Mais Bruce pourvoyait à la couleur. Il avait 31 ans, il était une star et joussait d'un immense succés en Chine, c'était un maitre des Arts martiaux, il avait joué Kato dans le frelon vert.
Il essayait alors de décider s'il retournerait ou non en Amérique, non pour inculquer les Arts martiaux aux stars de cinéma, mais pour en devenir une lui-même. Je me souviens
de ce qu'il me dit à propos de Kato, qu'il avait obtenu le rôle parce qu'il était le seul chinois capable de prononcer le nom du héros."
Bruce:Et vous savez, c'est un fichu nom, mon vieux (il se référait à Britt Reid, le nom de l'acteur vedette du frelon vert). A l'époque, à chaque fois
que je prononçais ce nom, je le faisait extrêmement consciencieusement. C'est vrai. C'est un autre point intéressant. Mettons, si vous apprenez à parler chinois...
Burton: oui...
Bruce: Je veux dire...C'est trés...Ce n'est pas difficile d'apprendre à prononcer le mot. La difficulté,
elle se trouve derrière le mot, c'est l'expression, ce sont les sentiments qui s'y cachent. C'est comme quand j'arrivais pour la première fois aux Etats-Unis,
j'ai regardé le Caucasien, et je n'ai vraiment pas compris s'il était réellement en colère ou s'il faisait semblant, parce que
nous avons des façons différentes de réagir. Là est la difficulté, voyez-vous.
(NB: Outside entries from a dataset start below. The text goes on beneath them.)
(* Let $(x^{(k)})_{k\in\mathbb N}$ be a sequence of nonabsorbing mixed action profiles in $X$ converging to $x$, and suppose ${\cal E}_J(x^{(k)})\ne\emptyset$ for every $k$. Then $x\in X$ and ${\cal E}_J(x)\ne\emptyset$.
   Context: $I$ is a finite set of players, $A_i$ finite nonempty action sets, $A=\prod_iA_i$, $p:A\to[0,1]$ an absorption probability function. Let $\Xi_i=\Delta(A_i)$, $\Xi=\prod_i\Xi_i$, and for $x\in\Xi$ let $p(x)=\sum_{a\in A}p(a)\prod_jx_j(a_j)$ (multilinear extension; similarly for partially pure profiles such as $(a_J,x_{-J})$). Let $B=\{a\in A:p(a)=0\}$ and let $X=\{x\in\Xi: p(x)=0\}$ be the set of nonabsorbing mixed action profiles (equivalently, mixed profiles whose support $\prod_i{\rm supp}(x_i)$ is contained in a connected component of the graph on $B$ where two profiles are adjacent iff they differ in exactly one player's action). For $x\in X$, a pair $(J,a_J)$ with $\emptyset\ne J\subseteq I$ and $a_J\in\prod_{i\in J}A_i$ is an exit at $x$ if $p(a_J,x_{-J})>0$ and $p(a_{J'},x_{-J'})=0$ for every proper subset $J'\subsetneq J$. It is a joint exit if $|J|\ge2$. ${\cal E}_J(x)$ denotes the set of joint exits at $x$. *)

From HB Require Import structures.
From mathcomp Require Import all_boot all_order all_algebra.
From mathcomp Require Import all_classical all_reals topology normedtype sequences.
Set Implicit Arguments. Unset Strict Implicit. Unset Printing Implicit Defensive.
Import Order.TTheory GRing.Theory Num.Theory.
Local Open Scope ring_scope.

Section Game.
Variables (R : realType) (I : finType) (A : I -> finType).

Definition profile := {dffun forall i : I, A i}.

(* a mixed action profile (element of prod_i Delta(A_i) once mixed_profile holds) *)
Definition mprofile := forall i : I, A i -> R.

Definition mixed_profile (x : mprofile) : Prop :=
  forall i, (forall c, 0 <= x i c) /\ \sum_(c : A i) x i c = 1.

Definition absorption (p : profile -> R) : Prop :=
  forall a, 0 <= p a <= 1.

Definition pext (p : profile -> R) (x : mprofile) : R :=
  \sum_(a : profile) p a * \prod_(j : I) x j (a j).

(* the partially pure profile (a_J, x_{-J}); only the coordinates of b in J matter *)
Definition mixJ (x : mprofile) (J : {set I}) (b : profile) : mprofile :=
  fun i c => if i \in J then (c == b i)%:R else x i c.

Definition nonabsorbing (p : profile -> R) (x : mprofile) : Prop :=
  mixed_profile x /\ pext p x = 0.

Definition is_exit (p : profile -> R) (x : mprofile) (J : {set I}) (b : profile) : Prop :=
  nonabsorbing p x /\ (0 < #|J|)%N /\ 0 < pext p (mixJ x J b) /\
  (forall J' : {set I}, J' \proper J -> pext p (mixJ x J' b) = 0).

(* E_J(x) <> emptyset : there is a joint exit (|J| >= 2) at x *)
Definition has_joint_exit (p : profile -> R) (x : mprofile) : Prop :=
  exists (J : {set I}) (b : profile), (2 <= #|J|)%N /\ is_exit p x J b.

End Game.

From HB Require Import structures.
From mathcomp Require Import all_boot all_order all_algebra.
From mathcomp Require Import all_classical all_reals topology normedtype sequences.
Import Order.TTheory GRing.Theory Num.Theory numFieldNormedType.Exports.
Local Open Scope classical_set_scope.
Local Open Scope ring_scope.

(* Whether [p(z) > 0] depends only on the supports of the [z_i]: it holds iff
   some pure profile in the support of [z] is absorbing.  Along the sequence,
   the support of the limit [x] is eventually contained in that of [x^(k)].
   Fix such a [k] and a joint exit [(J, b)] at [x^(k)]; pick an absorbing
   profile [a] in the support of [(b_J, x^(k)_{-J})], and a minimal [K] with
   [p(a_K, x_{-K}) > 0], which is an exit at [x].  If [K] were a singleton
   [{i}], then [p(a_i, x^(k)_{-i}) > 0]: for [i] in [J] this contradicts the
   minimality of [J], and for [i] outside [J] it contradicts [p(x^(k)) = 0]. *)

Section Supports.
Context {R : realType} {I : finType} {A : I -> finType} {p : profile A -> R}.
Hypothesis p_ge0 : forall a, 0 <= p a.

Definition nonneg_profile (z : mprofile R A) := forall i c, 0 <= z i c.

Definition support_sub (z w : mprofile R A) :=
  forall i c, 0 < z i c -> 0 < w i c.

Lemma mixed_profile_ge0 {z : mprofile R A} : mixed_profile z -> nonneg_profile z.
Proof. by move=> zmix i c; case: (zmix i) => ->. Qed.

Lemma pext_ge0 {z : mprofile R A} : nonneg_profile z -> 0 <= pext p z.
Proof.
move=> z_ge0; apply: sumr_ge0 => a _.
by rewrite mulr_ge0 //; apply: prodr_ge0.
Qed.

Lemma pext_gt0P {z : mprofile R A} : nonneg_profile z ->
  0 < pext p z <-> exists a, 0 < p a /\ forall j, 0 < z j (a j).
Proof.
move=> z_ge0; have term_ge0 a : 0 <= p a * \prod_j z j (a j).
  by rewrite mulr_ge0 //; apply: prodr_ge0.
split=> [pz_gt0 | [a [pa_gt0 za_gt0]]].
  have : pext p z != 0 by rewrite gt_eqF.
  rewrite /pext psumr_neq0 => [/hasP[a _ /=] | a _]; last exact: term_ge0.
  rewrite lt_def mulf_eq0 negb_or => /andP[/andP[pa_neq0 /prodf_neq0 za_neq0] _].
  exists a; split; first by rewrite lt_def pa_neq0 p_ge0.
  by move=> j; rewrite lt_def za_neq0 ?z_ge0.
rewrite /pext (bigD1 a) //= ltr_pwDl ?sumr_ge0 //.
by rewrite mulr_gt0 //; apply: prodr_gt0.
Qed.

Lemma pext_gt0_support_sub {z w : mprofile R A} :
  nonneg_profile z -> nonneg_profile w -> support_sub z w ->
  0 < pext p z -> 0 < pext p w.
Proof.
move=> z_ge0 w_ge0 zw /(pext_gt0P z_ge0)[a [pa za]].
by apply/(pext_gt0P w_ge0); exists a; split=> // j; apply: zw.
Qed.

Lemma pext_eq0_support_sub {z w : mprofile R A} :
  nonneg_profile z -> nonneg_profile w -> support_sub z w ->
  pext p w = 0 -> pext p z = 0.
Proof.
move=> z_ge0 w_ge0 zw pw0; apply/eqP; rewrite eq_le pext_ge0 // andbT leNgt.
by apply/negP => /(pext_gt0_support_sub z_ge0 w_ge0 zw); rewrite pw0 ltxx.
Qed.

Lemma mixJ_ge0 {z : mprofile R A} (J : {set I}) (b : profile A) :
  nonneg_profile z -> nonneg_profile (mixJ z J b).
Proof. by move=> z_ge0 i c; rewrite /mixJ; case: ifP. Qed.

Lemma mixJ_gt0E (z : mprofile R A) (J : {set I}) (b : profile A) i (c : A i) :
  (0 < mixJ z J b c) = if i \in J then c == b i else 0 < z i c.
Proof. by rewrite /mixJ; case: ifP => // _; case: eqP; rewrite ?ltr01 ?ltxx. Qed.

Lemma mixJ_set0 (z : mprofile R A) b : mixJ z finset.set0 b = z.
Proof.
by apply: functional_extensionality_dep => i; apply: funext => c; rewrite /mixJ inE.
Qed.

Lemma mixJ_support_sub (z w : mprofile R A) (J : {set I}) (b : profile A) :
  support_sub z w -> support_sub (mixJ z J b) (mixJ w J b).
Proof. by move=> zw i c; rewrite !mixJ_gt0E; case: ifP => // _; apply: zw. Qed.

Lemma eq_mixJ (z : mprofile R A) (J : {set I}) (b b' : profile A) :
  {in J, forall i, b i = b' i} -> mixJ z J b = mixJ z J b'.
Proof.
move=> bb'; apply: functional_extensionality_dep => i; apply: funext => c.
by rewrite /mixJ; case: ifP => // /bb' ->.
Qed.

Lemma mixJ_support_sub_self (z : mprofile R A) (J : {set I}) (b : profile A) :
  {in J, forall i, 0 < z i (b i)} -> support_sub (mixJ z J b) z.
Proof. by move=> zb i c; rewrite mixJ_gt0E; case: ifP => // /zb + /eqP ->. Qed.

Lemma exit_at_absorbing_profile {z : mprofile R A} {a : profile A} :
  nonabsorbing p z -> 0 < p a -> exists K, is_exit p z K a.
Proof.
move=> [zmix pz0] pa_gt0; have z_ge0 := mixed_profile_ge0 zmix.
pose P := fun K : {set I} => 0 < pext p (mixJ z K a).
have [K /minsetP[PK minK]] : {K | minset P K}.
  apply: ex_minset; exists [set: I]%SET; apply/(pext_gt0P (mixJ_ge0 _ _ z_ge0)).
  by exists a; split=> // j; rewrite mixJ_gt0E inE.
exists K; split; first by split.
split.
  rewrite card_gt0; apply/negP => /eqP K0.
  by move: PK; rewrite /P K0 mixJ_set0 pz0 ltxx.
split=> // K' ltK'K; apply/eqP; rewrite eq_le (pext_ge0 (mixJ_ge0 _ _ z_ge0)) andbT leNgt.
by apply/negP => /minK/(_ (proper_sub ltK'K)) K'K; rewrite K'K fintype.properxx in ltK'K.
Qed.

Lemma joint_exit_support_sub {x y : mprofile R A} :
  nonabsorbing p x -> support_sub x y -> has_joint_exit p y -> has_joint_exit p x.
Proof.
move=> xna xy [J [b [J2 [[ymix py0] [_ [pJ_gt0 minJ]]]]]].
have x_ge0 := mixed_profile_ge0 xna.1.
have y_ge0 := mixed_profile_ge0 ymix.
have [a [pa_gt0 ya]] := (pext_gt0P (mixJ_ge0 _ _ y_ge0)).1 pJ_gt0.
have [K exitK] := exit_at_absorbing_profile xna pa_gt0.
exists K, a; split=> //; rewrite ltnNge; apply/negP => K_le1.
case: exitK => _ [K_gt0 [pK_gt0 _]].
have /cards1P[i Ki] : #|K| == 1%N by rewrite eqn_leq K_le1.
have piy_gt0 : 0 < pext p (mixJ y [set i]%SET a).
  apply: (pext_gt0_support_sub (mixJ_ge0 _ _ x_ge0) (mixJ_ge0 _ _ y_ge0)) => //.
  - exact: mixJ_support_sub.
  - by rewrite -Ki.
have := ya i; rewrite mixJ_gt0E; case: ifP => [iJ /eqP ai | iJ yai].
  have ltiJ : [set i]%SET \proper J by rewrite properEcard finset.sub1set iJ cards1.
  have eq_ab : mixJ y [set i]%SET a = mixJ y [set i]%SET b.
    by apply: eq_mixJ => j /finset.set1P ->.
  by rewrite eq_ab minJ ?ltxx in piy_gt0.
suff : 0 < pext p y by rewrite py0 ltxx.
apply: (pext_gt0_support_sub (mixJ_ge0 _ _ y_ge0) y_ge0 _ piy_gt0).
by apply: mixJ_support_sub_self => j /finset.set1P ->.
Qed.

End Supports.

Section Limits.
Context {R : realType} {I : finType} {A : I -> finType}.
Context {xs : nat -> mprofile R A} {x : mprofile R A}.
Hypothesis xs_cvg : forall i (c : A i), (fun k => xs k i c) @ \oo --> (x i c : R).

Lemma mixed_profile_cvg : (forall k, mixed_profile (xs k)) -> mixed_profile x.
Proof.
move=> xs_mix i; split=> [c | ].
  apply: (cvgr_to_ge (xs_cvg i c)); apply: nearW => k.
  by case: (xs_mix k i) => ->.
have sum_cvg : (fun k => \sum_c xs k i c) @ \oo --> \sum_c x i c.
  by apply: cvg_big => [|c _]; [exact: add_continuous | exact: xs_cvg].
have sum1 : (fun k => \sum_c xs k i c) = fun=> 1.
  by apply: funext => k; case: (xs_mix k i).
by rewrite sum1 in sum_cvg; exact: (cvg_unique _ sum_cvg (cvg_cst (1 : R))).
Qed.

Lemma support_sub_cvg : \forall k \near \oo, support_sub x (xs k).
Proof.
apply: filter_forall => i; apply: filter_forall => c.
have [x_gt0 | _] := boolP (0 < x i c); last by apply: nearW => k /negP.
have xs_gt0 : \forall k \near \oo, 0 < xs k i c by exact: cvgr_gt (xs_cvg i c) _ x_gt0.
by apply: (filterS _ xs_gt0) => k xk_gt0 _.
Qed.

End Limits.

Theorem mainTheorem5 (R : realType) (I : finType) (A : I -> finType)
    (p : profile A -> R) (xs : nat -> mprofile R A) (x : mprofile R A) :
  (forall i, (0 < #|A i|)%N) ->
  absorption p ->
  (forall k, nonabsorbing p (xs k)) ->
  (forall i (c : A i), (fun k => xs k i c) @ \oo --> (x i c : R)) ->
  (forall k, has_joint_exit p (xs k)) ->
  nonabsorbing p x /\ has_joint_exit p x.
Proof.
move=> _ p_abs xs_na xs_cvg xs_exit.
have p_ge0 a : 0 <= p a by case/andP: (p_abs a).
have x_mix : mixed_profile x by apply: mixed_profile_cvg xs_cvg _ => k; case: (xs_na k).
have [k xxk] := filter_ex (support_sub_cvg xs_cvg).
have [xk_mix pxk0] := xs_na k.
have x_na : nonabsorbing p x.
  split=> //; apply: (pext_eq0_support_sub p_ge0 _ _ xxk pxk0);
  exact: mixed_profile_ge0.
by split=> //; apply: (joint_exit_support_sub p_ge0 x_na xxk).
Qed.
(* The function $$G:\lambda_{Lag}\mapsto\int_0^\infty e^{-\lambda s}\left(U\Big((U')^{-1}\big(\tfrac{1}{\lambda_{Lag}}e^{(\lambda-\delta)s}\big)\Big)-h\Big(\big(\tfrac{h'}{\varphi'}\big)^{-1}\big(\tfrac{1}{\lambda_{Lag}}e^{(\lambda-\delta)s}\big)\vee 0\Big)\right)ds$$ is increasing on $(0,\infty)$.
   Context: Standing assumptions: $\varphi:[0,\infty)\to[0,\infty)$ is $C^2$, strictly concave, bounded, increasing, $\varphi(0)=0$, $\varphi'(0)>0$; $U:[0,\infty)\to[0,\infty)$ is $C^2$, strictly concave, increasing, $U(0)=0$, $\lim_{x\to\infty}U'(x)=0$, $\lim_{x\to0}U'(x)=\infty$; $h:[0,\infty)\to[0,\infty)$ is $C^2$, strictly convex, increasing, $h(0)=0$, $h'(0)>0$; $\lambda\ge\delta>0$ are constants. The notation $(h'/\varphi')^{-1}(y)\vee0$ means the inverse of the increasing function $h'/\varphi'$ at $y$ when defined and nonnegative, and $0$ otherwise. *)

From Stdlib Require Import Reals Lra ClassicalEpsilon.
From Coquelicot Require Import Coquelicot.
Open Scope R_scope.

(* Generalized inverse: the (unique, under strict monotonicity) x with P x and
   f x = y, if such an x exists; 0 otherwise. *)
Definition inv_on (P : R -> Prop) (f : R -> R) (y : R) : R :=
  match excluded_middle_informative (exists x, P x /\ f x = y) with
  | left H => proj1_sig (constructive_indefinite_description _ H)
  | right _ => 0
  end.

Definition inv_dU (dU : R -> R) (y : R) : R := inv_on (fun x => 0 < x) dU y.

(* (h'/phi')^{-1}(y) \/ 0 : the inverse of h'/phi' (defined on [0,oo)) at y
   when it is defined (and then it is nonnegative), and 0 otherwise. *)
Definition inv_hphi (dh dphi : R -> R) (y : R) : R :=
  inv_on (fun x => 0 <= x) (fun x => dh x / dphi x) y.

Definition C2_on_nonneg (f df d2f : R -> R) : Prop :=
  (forall x, 0 < x -> is_derive f x (df x)) /\
  (forall x, 0 < x -> is_derive df x (d2f x)) /\
  (forall x, 0 < x -> continuous d2f x) /\
  filterlim f (at_right 0) (locally (f 0)) /\
  filterlim df (at_right 0) (locally (df 0)) /\
  filterlim d2f (at_right 0) (locally (d2f 0)).

(* f is continuous on [0,oo) and C^2 on (0,oo) (used for U, whose derivative
   blows up at 0). *)
Definition C2_on_pos_cont0 (f df d2f : R -> R) : Prop :=
  (forall x, 0 < x -> is_derive f x (df x)) /\
  (forall x, 0 < x -> is_derive df x (d2f x)) /\
  (forall x, 0 < x -> continuous d2f x) /\
  filterlim f (at_right 0) (locally (f 0)).

Definition strictly_concave_nonneg (f : R -> R) : Prop :=
  forall x y t, 0 <= x -> 0 <= y -> x <> y -> 0 < t < 1 ->
    t * f x + (1 - t) * f y < f (t * x + (1 - t) * y).

Definition strictly_convex_nonneg (f : R -> R) : Prop :=
  forall x y t, 0 <= x -> 0 <= y -> x <> y -> 0 < t < 1 ->
    f (t * x + (1 - t) * y) < t * f x + (1 - t) * f y.

Definition increasing_nonneg (f : R -> R) : Prop :=
  forall x y, 0 <= x -> x < y -> f x < f y.

Definition nonneg_valued (f : R -> R) : Prop :=
  forall x, 0 <= x -> 0 <= f x.

Definition G (lam del : R) (U dU h dh dphi : R -> R) (lamLag : R) : R :=
  RInt_gen
    (fun s => exp (- lam * s) *
       (U (inv_dU dU (/ lamLag * exp ((lam - del) * s)))
        - h (inv_hphi dh dphi (/ lamLag * exp ((lam - del) * s)))))
    (at_point 0) (Rbar_locally p_infty).

(* Write y(s) = e^((lam - del) s) / lamLag; the integrand of G is e^(-lam s) Phi(y(s))
   with Phi y = U((U')^-1 y) - h((h'/phi')^-1 y \/ 0).  Phi is strictly decreasing on
   (0,oo), since (U')^-1 decreases and U increases while (h'/phi')^-1 \/ 0 is
   nondecreasing and h increases.  A larger lamLag makes y(s) smaller, hence the
   integrand strictly larger at every s.  The improper integrals exist because Phi is
   continuous, bounded above, and bounded below by a linear function: the tangent
   inequalities of h and phi at 0 give h((h'/phi')^-1 y) <= h 0 + y (sup phi - phi 0),
   so the integrand is O(e^(-del s)). *)

From Stdlib Require Import Reals Lra ClassicalEpsilon.
From Coquelicot Require Import Coquelicot.
Open Scope R_scope.

Lemma exp_le_exp (x y : R) : x <= y -> exp x <= exp y.
Proof.
  intros [Hlt | ->]; [now left; apply exp_increasing | apply Rle_refl].
Qed.

Lemma derive_on_continuous (f df : R -> R) :
  (forall x, 0 < x -> is_derive f x (df x)) -> forall x, 0 < x -> continuous f x.
Proof. intros Hd x Hx; apply (ex_derive_continuous f); exists (df x); auto. Qed.

Lemma at_right_witness (P : R -> Prop) : at_right 0 P -> exists x, 0 < x /\ P x.
Proof.
  intros [d Hd]; exists (d / 2).
  assert (0 < d) by apply cond_pos.
  split; [lra |]; apply Hd; [| lra].
  change (Rabs (d / 2 - 0) < d); rewrite Rminus_0_r, Rabs_pos_eq; lra.
Qed.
Burton: C'est presque comme si vous vous trouviez en face d'un individu d'une autre planète pour lequel un sourire n'a pas la
même signification que pour nous. En fait, un sourire n'est pas toujours perçu de la même façon, n'est ce pas?
Bruce: Bien sûr que non.
Burton:Oui, je viens juste d'y penser. On dit que le secret de votre succés dans ce film, Big Boss, c'est un tel succés ici,
cela vous a rendu célèbre du jour au lendemain en Asie-on dit que le secret de votre succés vient de ce que c'est vous qui vous battez.
En votre qualité d'expert en arts martiaux chinois, que pensez vous des combats que vous avez vu dans les films avant que vous ne deveniez une star?
Bruce: Bien, je pense qu'au début, je n'imaginais pas du tout que ma pratique des arts martiaux, passée et présente, me conduirait à cela(là
Bruce s'interrompit en riant).
Burton: Je sais.
Bruce: Mais pour commencer, je dirai que las arts martiaux ont une trés profonde signification dans ma vie,
car tout ce qui m'a fait ce que je suis: l'acteur, l'artiste en matière de combats, l'homme, c'est aux arts martiaux que je le dois.
Burton: Peut être, pour notre public, qui ne sait pas ce que cela signifie, pourriez vous expliquer ce que vous entendez exactement par arts martiaux?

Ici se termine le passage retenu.